Saved entries:

#####

(* For $a\in\{0,1\}$ let $f^a(\rho)=\Pr\{R=\rho\mid A=a,Y=1\}$ for $\rho\in\mathcal{R}$. Suppose that for all $\rho,\rho'\in\mathcal{R}$ with $\rho>\rho'$ we have $f^0(\rho)-f^1(\rho)>f^0(\rho')-f^1(\rho')$ and $f_R(\rho)<f_R(\rho')$, and that $f^0(\rho)-f^1(\rho)\ge0$ for $\rho\in\{\rho_2,\dots,\rho_{n'}\}$. Then: 1. $\gamma(\epsilon)>0$ for all $\epsilon>0$ (i.e. $\mathscr{A}_\epsilon$ is always biased in favor of individuals with $A=0$); 2. $\gamma(\epsilon)<\gamma_\infty$ for all $\epsilon\ge0$, where $\gamma_\infty=\lim_{\epsilon\to+\infty}\gamma(\epsilon)$.
   Context: There are $n$ individuals indexed by $\mathcal{N}=\{1,\dots,n\}$. Individual $i$ is described by a random tuple $(X_i,A_i,Y_i)$, with features $X_i\in\mathcal{X}$, protected attribute $A_i\in\{0,1\}$ and qualification state $Y_i\in\{0,1\}$; the tuples are i.i.d. with a common distribution $\mathsf{F}$, and $(X,A,Y)$ denotes a generic tuple with distribution $\mathsf{F}$. A fixed function $r:\mathcal{X}\to\mathcal{R}$ is given, with $\mathcal{R}=\{\rho_1,\dots,\rho_{n'}\}\subset[0,1]$ finite, $\rho_1=0$, $\rho_{n'}=1$; $R_i=r(X_i)$, $R=r(X)$, and $f_R$ is the probability mass function of $R$. Conditioning events $\{A=a,Y=1\}$ are assumed to have positive probability. For $\epsilon\ge0$, define $Z_{i,\epsilon}=\exp(\epsilon R_i/2)/\sum_{j=1}^n\exp(\epsilon R_j/2)$, which is the probability that the exponential mechanism $\mathscr{A}_\epsilon$ selects $i$ given the scores, and $\gamma(\epsilon)=E\{Z_{i,\epsilon}\mid A_i=0,Y_i=1\}-E\{Z_{i,\epsilon}\mid A_i=1,Y_i=1\}$ (independent of $i$). The limit $\gamma_\infty=\lim_{\epsilon\to+\infty}\gamma(\epsilon)$ exists. *)

From HB Require Import structures.
From mathcomp Require Import all_boot all_order all_algebra.
From mathcomp Require Import all_classical all_reals all_analysis.
Set Implicit Arguments. Unset Strict Implicit. Unset Printing Implicit Defensive.
Import Order.TTheory GRing.Theory Num.Theory.
Local Open Scope ring_scope.

(* One individual's observable data: (index k of the score value rho_k, A, Y).
   A = 1 is encoded as [true], A = 0 as [false]; Y = 1 as [true]. *)
Definition atom (m : nat) := ('I_m * bool * bool)%type.

Section Model.
Variables (R : realType) (m n : nat).
Variable rho : 'I_m -> R.
Variable p : atom m -> R.               (* joint pmf of (R, A, Y) under F *)

(* a population of n individuals: i.i.d. draws, product pmf *)
Definition outcome := {ffun 'I_n -> atom m}.
Definition Pn (w : outcome) : R := \prod_(i < n) p (w i).

Definition score (w : outcome) (i : 'I_n) : R := rho (w i).1.1.
Definition attrA (w : outcome) (i : 'I_n) : bool := (w i).1.2.
Definition qualY (w : outcome) (i : 'I_n) : bool := (w i).2.

(* Z_{i,eps}: probability that the exponential mechanism selects i *)
Definition Zsel (eps : R) (i : 'I_n) (w : outcome) : R :=
  expR (eps * score w i / 2) / \sum_(j < n) expR (eps * score w j / 2).

Definition condEZ (eps : R) (i : 'I_n) (a : bool) : R :=
  (\sum_(w : outcome | (attrA w i == a) && qualY w i) Pn w * Zsel eps i w)
  / (\sum_(w : outcome | (attrA w i == a) && qualY w i) Pn w).

Definition gamma (i : 'I_n) (eps : R) : R :=
  condEZ eps i false - condEZ eps i true.

Definition fcond (a : bool) (k : 'I_m) : R :=
  p (k, a, true) / \sum_(k' < m) p (k', a, true).

Definition fR (k : 'I_m) : R := \sum_(a : bool) \sum_(y : bool) p (k, a, y).

End Model.

From HB Require Import structures.
From mathcomp Require Import all_boot all_order all_algebra.
From mathcomp Require Import all_classical all_reals all_analysis.
From mathcomp Require Import fingroup perm zify.
From mathcomp.algebra_tactics Require Import ring lra.
Set Implicit Arguments. Unset Strict Implicit. Unset Printing Implicit Defensive.
Import Order.TTheory GRing.Theory Num.Theory.
Import numFieldNormedType.Exports.
Local Open Scope classical_set_scope.
Local Open Scope ring_scope.

(* Conditioning on the data of individual i turns E{Z_i | A_i = a, Y_i = 1} into
   the f^a-average of G(k), the chance that i is selected when its score is
   rho_k, averaged over the other individuals.  Hence gamma(eps) is a positive
   multiple of sum_k d_k G(k) with d = f^0 - f^1.  The weights d_k sum to zero,
   are nonnegative for k > 0 and positive at the top score, and G is increasing
   for eps > 0, so gamma(eps) > 0.
   As eps -> +oo the mechanism tends to the uniform choice among the maximal
   scores, and gamma_oo - gamma(eps) is a positive multiple of sum_k d_k s_k,
   where s_k is the excess selection chance of i at score rho_k.  The limit
   mechanism puts all its mass on the highest score present, so by
   exchangeability of the individuals the tail sums sum_(k >= l) f_R(k) s_k are
   nonnegative, and they vanish for l = 0.  As d_k / f_R(k) increases with k,
   Abel summation then gives sum_k d_k s_k > 0, strictness coming from the top
   score, where s is positive. *)

Section WeightedSums.
Variable R : realFieldType.

Lemma psumr_gt0 (I : finType) (P : pred I) (F : I -> R) i0 :
  P i0 -> (forall i, P i -> 0 <= F i) -> 0 < F i0 -> 0 < \sum_(i | P i) F i.
Proof.
move=> Pi0 F_ge0 Fi0; rewrite (bigD1 i0) //= ltr_pwDl // sumr_ge0 // => i /andP[/F_ge0 //].
Qed.

Lemma sum0_max_gt0 (I : finType) (d : I -> R) i0 i1 : i0 != i1 ->
  (forall i, i != i1 -> d i < d i1) -> \sum_i d i = 0 -> 0 < d i1.
Proof.
move=> i01 d_lt d_sum0.
have : 0 < \sum_i (d i1 - d i).
  apply: (psumr_gt0 _ (i0 := i0)) => // [i _|]; last by rewrite subr_gt0 d_lt.
  by have [->|/d_lt/ltW] := eqVneq i i1; rewrite ?subrr // subr_ge0.
rewrite sumrB d_sum0 subr0 sumr_const -mulr_natr pmulr_lgt0 // ltr0n.
by apply/card_gt0P; exists i0.
Qed.

Lemma sum0_weighted_gt0 (I : finType) (d t : I -> R) i0 i1 :
  (forall i, i != i0 -> 0 <= d i) -> \sum_i d i = 0 -> 0 < d i1 ->
  (forall i, t i0 <= t i) -> t i0 < t i1 ->
  0 < \sum_i d i * t i.
Proof.
move=> d_ge0 d_sum0 d_i1 t_min t_i1.
have -> : \sum_i d i * t i = \sum_i d i * (t i - t i0).
  under [RHS]eq_bigr do rewrite mulrBr.
  by rewrite sumrB -mulr_suml d_sum0 mul0r subr0.
apply: (psumr_gt0 _ (i0 := i1)) => [//|i _|]; last by rewrite mulr_gt0 // subr_gt0.
have [->|/d_ge0 ?] := eqVneq i i0; first by rewrite subrr mulr0.
by rewrite mulr_ge0 // subr_ge0.
Qed.

Lemma abel_le (c a : nat -> R) N : (forall k, c k <= c k.+1) ->
  (forall l, (0 < l)%N -> 0 <= \sum_(l <= k < N) a k) ->
  c 0%N * \sum_(0 <= k < N) a k <= \sum_(0 <= k < N) c k * a k.
Proof.
elim: N c a => [|N IH] c a c_incr tail_ge0; first by rewrite !big_geq ?mulr0.
rewrite !big_nat_recl // mulrDr lerD2l.
have tail1 : 0 <= \sum_(0 <= k < N) a k.+1.
  by have := tail_ge0 1%N isT; rewrite big_add1.
apply: le_trans (IH (c \o succn) (a \o succn) _ _) => //=.
- exact: ler_wpM2r tail1 _ _ (c_incr 0%N).
- by move=> l _; have := tail_ge0 l.+1 isT; rewrite big_add1.
Qed.

Lemma ler_ratio (a b x y : R) :
  0 <= b -> a <= b -> 0 < y -> y <= x -> a / x <= b / y.
Proof.
move=> b_ge0 ab y_gt0 yx; have x_gt0 : 0 < x by apply: lt_le_trans yx.
rewrite ler_pdivrMr // mulrAC ler_pdivlMr //.
have [a_le0|a_gt0] := lerP a 0; nra.
Qed.

Lemma abel_weighted_gt0 (d f s : nat -> R) N : (0 < N)%N ->
  (forall k, (0 < k <= N)%N -> 0 <= d k) ->
  (forall k k', (k < k' <= N)%N -> d k < d k' /\ f k' < f k) ->
  0 <= f N -> 0 < d N -> 0 < s N ->
  (forall l, (0 < l)%N -> 0 <= \sum_(l <= k < N.+1) f k * s k) ->
  \sum_(0 <= k < N.+1) f k * s k = 0 ->
  0 < \sum_(0 <= k < N.+1) d k * s k.
Proof.
move=> N_gt0 d_ge0 mono fN_ge0 dN_gt0 sN_gt0 tail_ge0 tot0.
have f_gt0 k : (k < N)%N -> 0 < f k.
  by move=> kN; apply: le_lt_trans fN_ge0 (mono k N _).2; rewrite kN /=.
(* c_k = d_k / f_k, frozen from N - 1 on since f_N may vanish, is nondecreasing;
   Abel summation handles c_k f_k s_k and the remainder (d_N - c_N f_N) s_N > 0. *)
pose c k := if (k < N)%N then d k / f k else d N.-1 / f N.-1.
have c_incr k : c k <= c k.+1.
  rewrite /c; case: (ltngtP k.+1 N) => [kN|Nk|<-].
  - have [dk dk1] : d k < d k.+1 /\ f k.+1 < f k by apply: mono; rewrite ltnSn ltnW.
    apply: ler_ratio; [exact/d_ge0/ltnW | exact: ltW | exact: f_gt0 | exact: ltW].
  - by [].
  - by [].
have -> : \sum_(0 <= k < N.+1) d k * s k =
    \sum_(0 <= k < N.+1) c k * (f k * s k) + (d N - c N * f N) * s N.
  rewrite !big_nat_recr //= -addrA; congr (_ + _); last by ring.
  apply: eq_big_nat => k /andP[_ kN].
  by rewrite /c kN mulrA divfK // gt_eqF // f_gt0.
apply: ltr_wpDl.
  by apply: le_trans (abel_le c_incr _) => //; rewrite tot0 mulr0.
rewrite mulr_gt0 // subr_gt0 /c ltnn.
have N1_lt : (N.-1 < N)%N by rewrite prednK.
have [dN1 fN1] : d N.-1 < d N /\ f N < f N.-1 by apply: mono; rewrite N1_lt /=.
have f1_gt0 := f_gt0 _ N1_lt.
rewrite mulrAC ltr_pdivrMr //.
have [d1_le0|d1_gt0] := lerP (d N.-1) 0; nra.
Qed.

#####

◆ Task instructions
Would you please set down the lines from the one with "apply: eq_big_nat => k /andP[_ kN]." to the end of the data above, exactly and without any other lines?

◆ The answer
  apply: eq_big_nat => k /andP[_ kN].
  by rewrite /c kN mulrA divfK // gt_eqF // f_gt0.
apply: ltr_wpDl.
  by apply: le_trans (abel_le c_incr _) => //; rewrite tot0 mulr0.
rewrite mulr_gt0 // subr_gt0 /c ltnn.
have N1_lt : (N.-1 < N)%N by rewrite prednK.
have [dN1 fN1] : d N.-1 < d N /\ f N < f N.-1 by apply: mono; rewrite N1_lt /=.
have f1_gt0 := f_gt0 _ N1_lt.
rewrite mulrAC ltr_pdivrMr //.
have [d1_le0|d1_gt0] := lerP (d N.-1) 0; nra.
Qed.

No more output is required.